(* Let $0<b\le 0.01$ and let $z^*=(x_3,x,x,y_3,y,y)$ with $x_3,y_3,x,y>0$ be a point of the curve of equilibria $\mathcal C$. Then the Jacobian matrix $\big[\partial F_i/\partial z_j(z^* )\big]_{i,j}$ of $F$ at $z^*$ has one eigenvalue equal to $0$ (corresponding to the direction along $\mathcal C$) and its five other eigenvalues all have strictly negative real part.
   Context: Haploid unlinked subfunctionalization model with mutation rate $b$, coordinates $z=(x_3,x_2,x_1,y_3,y_2,y_1)$, $\alpha=1-3b$, $w=x_3+y_3-x_3y_3+x_1y_2+x_2y_1$, vector field $F$: $F_{x_3}=x_3(\alpha-w)$; $F_{x_2}=-x_2w+x_2(y_3+y_1)+bx_3-2bx_2$; $F_{x_1}=-x_1w+x_1(y_3+y_2)+bx_3-2bx_1$; $F_{y_3}=y_3(\alpha-w)$; $F_{y_2}=-y_2w+y_2(x_3+x_1)+by_3-2by_2$; $F_{y_1}=-y_1w+y_1(x_3+x_2)+by_3-2by_1$. The curve of equilibria $\mathcal C$ is the one-parameter family of fixed points of $dz/dt=F(z)$ with $x_1=x_2=x$, $y_1=y_2=y$, parametrized by $x_3$ via $y_3=\frac{-d_1+\sqrt{d_1^2-4d_0d_2}}{2d_2}$ with $d_2=-(1-x_3)^2$, $d_1=2(1-x_3)^2-4b(1-x_3)+2b^2(1+x_3)$, $d_0=-(1-x_3)^2+4b(1-x_3)-b^2(5-2x_3)+b^3$, and $x=\frac{\Gamma-2bx_3}{2(y_3-\beta)}$, $y=\frac{\Gamma-2by_3}{2(x_3-\beta)}$, $\beta=1-b$, $\Gamma=x_3+y_3-x_3y_3-\alpha$. *)

(* Ground field: an arbitrary real closed field R
   (the statement is first-order over the reals, so this is the real
   statement, stated for every rcfType). *)
From HB Require Import structures.
From mathcomp Require Import all_boot all_order all_algebra.
Set Implicit Arguments. Unset Strict Implicit. Unset Printing Implicit Defensive.
Import Order.TTheory GRing.Theory Num.Theory.
Local Open Scope ring_scope.

(* Coordinates z = (x3,x2,x1,y3,y2,y1) are indexed by 'I_6 in this order:
   z 0 = x3, z 1 = x2, z 2 = x1, z 3 = y3, z 4 = y2, z 5 = y1.
   The vector field F is polynomial, so we define it over any commutative
   ring S (this lets us evaluate it on polynomials to differentiate). *)
Definition Fsub (S : comNzRingType) (b : S) (z : 'I_6 -> S) : 'I_6 -> S :=
  fun i =>
  let x3 := z (inord 0) in let x2 := z (inord 1) in let x1 := z (inord 2) in
  let y3 := z (inord 3) in let y2 := z (inord 4) in let y1 := z (inord 5) in
  let alpha := 1 - 3%:R * b in
  let w := x3 + y3 - x3 * y3 + x1 * y2 + x2 * y1 in
  match val i with
  | 0 => x3 * (alpha - w)
  | 1 => - x2 * w + x2 * (y3 + y1) + b * x3 - 2%:R * b * x2
  | 2 => - x1 * w + x1 * (y3 + y2) + b * x3 - 2%:R * b * x1
  | 3 => y3 * (alpha - w)
  | 4 => - y2 * w + y2 * (x3 + x1) + b * y3 - 2%:R * b * y2
  | _ => - y1 * w + y1 * (x3 + x2) + b * y3 - 2%:R * b * y1
  end.

Definition partialF (R : rcfType) (b : R) (z : 'I_6 -> R) (i j : 'I_6) : R :=
  ((Fsub (b%:P) (fun k => (z k)%:P + (if k == j then 'X else 0)) i)^`()).[0].

Definition jacobianF (R : rcfType) (b : R) (z : 'I_6 -> R) : 'M[R]_6 :=
  \matrix_(i, j) partialF b z i j.

(* Complex numbers as pairs (re, im) and evaluation of a real polynomial
   at a complex number (Horner scheme). *)
Definition cadd (R : rcfType) (a c : R * R) : R * R := (a.1 + c.1, a.2 + c.2).
Definition cmul (R : rcfType) (a c : R * R) : R * R :=
  (a.1 * c.1 - a.2 * c.2, a.1 * c.2 + a.2 * c.1).
Definition ceval (R : rcfType) (p : {poly R}) (z : R * R) : R * R :=
  foldr (fun c acc => cadd (c, 0) (cmul acc z)) (0, 0) (polyseq p).

Definition ceigenvalue (R : rcfType) (n : nat) (A : 'M[R]_n) (lam : R * R) : Prop :=
  ceval (char_poly A) lam = (0, 0).

Definition symPoint (R : rcfType) (x3 x y3 y : R) : 'I_6 -> R :=
  fun i => match val i with
           | 0 => x3 | 1 => x | 2 => x | 3 => y3 | 4 => y | _ => y end.

Definition onCurveC (R : rcfType) (b x3 x y3 y : R) : Prop :=
  forall i : 'I_6, Fsub b (symPoint x3 x y3 y) i = 0.

(* Let z* = (x3, x, x, y3, y, y) be an equilibrium with positive coordinates and
   put p = 1 - b - y3 - y, q = 1 - b - x3 - x.  The equilibrium equations reduce
   to  x3 + y3 - x3 y3 + 2xy = 1 - 3b,  x p = b x3  and  y q = b y3.
   1. The Jacobian J at z* is computed symbolically: a partial derivative is the
      infinitesimal part of the vector field evaluated at dual numbers.
   2. In the basis Q made of e_x3, (x3,0,0,y3,0,0) and the sums and differences of
      the paired coordinates, J becomes a matrix K (J Q = Q K) whose first row
      vanishes and which leaves the "antisymmetric" plane invariant.  Hence
      char J = X * c3 * c2 with c3, c2 the characteristic polynomials of a 3x3
      and a 2x2 diagonal block of K.
   3. Modulo the equilibrium equations, the Routh-Hurwitz quantities of c3 and c2
      are explicit polynomials with positive coefficients in b, x3, x, y3, y, p,
      q, 1 - x3, 1 - y3, all of which are positive.  The Routh-Hurwitz criteria
      in degrees 2 and 3, proved directly over R[i], then show that every root of
      c3 c2 has negative real part; since c3(0), c2(0) <> 0, the root 0 of
      char J is simple. *)
From HB Require Import structures.
From mathcomp Require Import all_boot all_order all_algebra.
From mathcomp Require Import ring lra complex.
Import Order.TTheory GRing.Theory Num.Theory.
Set Implicit Arguments. Unset Strict Implicit. Unset Printing Implicit Defensive.
Local Open Scope ring_scope.

(* Dual numbers R[e]/(e^2), as pairs (a, b) standing for a + b e. *)
Section DualNumbers.
Variable R : comNzRingType.

Definition dual : Type := (R * R)%type.
HB.instance Definition _ := GRing.Zmodule.copy dual (R * R)%type.

Definition dual_one : dual := (1, 0).
Definition dual_mul (a c : dual) : dual := (a.1 * c.1, a.1 * c.2 + a.2 * c.1).

Lemma dual_mulA : associative dual_mul.
Proof. by move=> [a1 a2] [b1 b2] [c1 c2]; congr (_, _) => /=; ring. Qed.
Lemma dual_mulC : commutative dual_mul.
Proof. by move=> [a1 a2] [b1 b2]; congr (_, _) => /=; ring. Qed.
Lemma dual_mul1 : left_id dual_one dual_mul.
Proof. by move=> [a1 a2]; congr (_, _) => /=; ring. Qed.
Lemma dual_mulDl : left_distributive dual_mul +%R.
Proof. by move=> [a1 a2] [b1 b2] [c1 c2]; congr (_, _) => /=; ring. Qed.
Lemma dual_one_neq0 : dual_one != 0.
Proof. by apply/eqP => [[]] /eqP; rewrite oner_eq0. Qed.
HB.instance Definition _ := GRing.Zmodule_isComNzRing.Build dual
  dual_mulA dual_mulC dual_mul1 dual_mulDl dual_one_neq0.

(* The first-order jet p(0) + p'(0) e of a polynomial; the Leibniz rule makes
   it a ring morphism. *)
Definition taylor1 (p : {poly R}) : dual := (p.[0], p^`().[0]).

Lemma taylor1C (c : R) : taylor1 c%:P = (c, 0).
Proof. by rewrite /taylor1 derivC !hornerC. Qed.

Lemma taylor1_shift (c : R) (d : bool) :
  taylor1 (c%:P + (if d then 'X else 0)) = (c, d%:R).
Proof.
rewrite /taylor1 derivD derivC add0r !hornerD hornerC.
by case: d; rewrite ?derivX ?deriv0 ?hornerX ?hornerC ?horner0 ?addr0.
Qed.

Lemma taylor1_zmod : zmod_morphism taylor1.
Proof. by move=> p q; rewrite /taylor1 derivB !hornerD !hornerN. Qed.

Lemma taylor1_monoid : monoid_morphism taylor1.
Proof.
split; first by rewrite /taylor1 -polyC1 derivC !hornerC.
by move=> p q; rewrite /taylor1 derivM !hornerD !hornerM; congr (_, _) => /=; ring.
Qed.

HB.instance Definition _ :=
  GRing.isZmodMorphism.Build {poly R} dual taylor1 taylor1_zmod.
HB.instance Definition _ :=
  GRing.isMonoidMorphism.Build {poly R} dual taylor1 taylor1_monoid.
End DualNumbers.

(* The vector field is polynomial, so it commutes with ring morphisms. *)
Lemma Fsub_rmorph (S S' : comNzRingType) (f : {rmorphism S -> S'}) b b' z z' i :
  f b = b' -> (forall k, f (z k) = z' k) -> f (Fsub b z i) = Fsub b' z' i.
Proof.
move=> fb fz; rewrite /Fsub; case: (val i) => [|[|[|[|[|n]]]]];
by rewrite !(rmorphD, rmorphM, rmorphN, rmorphB, rmorph1, rmorph_nat, fz, fb).
Qed.

Lemma partialF_dual (R : rcfType) (b : R) z i j :
  partialF b z i j = (Fsub ((b, 0) : dual R) (fun k => (z k, (k == j)%:R)) i).2.
Proof.
rewrite /partialF -[X in X = _]/(taylor1 _).2.
congr snd; apply: (@Fsub_rmorph _ _ (@taylor1 R)) => [|k]; first exact: taylor1C.
exact: taylor1_shift.
Qed.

* TASK REQUIREMENTS *
Lines with the word "over" in them are the answer; report each one from the data.

* WRITTEN SOLUTION *
   (the statement is first-order over the reals, so this is the real
   The vector field F is polynomial, so we define it over any commutative
      in degrees 2 and 3, proved directly over R[i], then show that every root of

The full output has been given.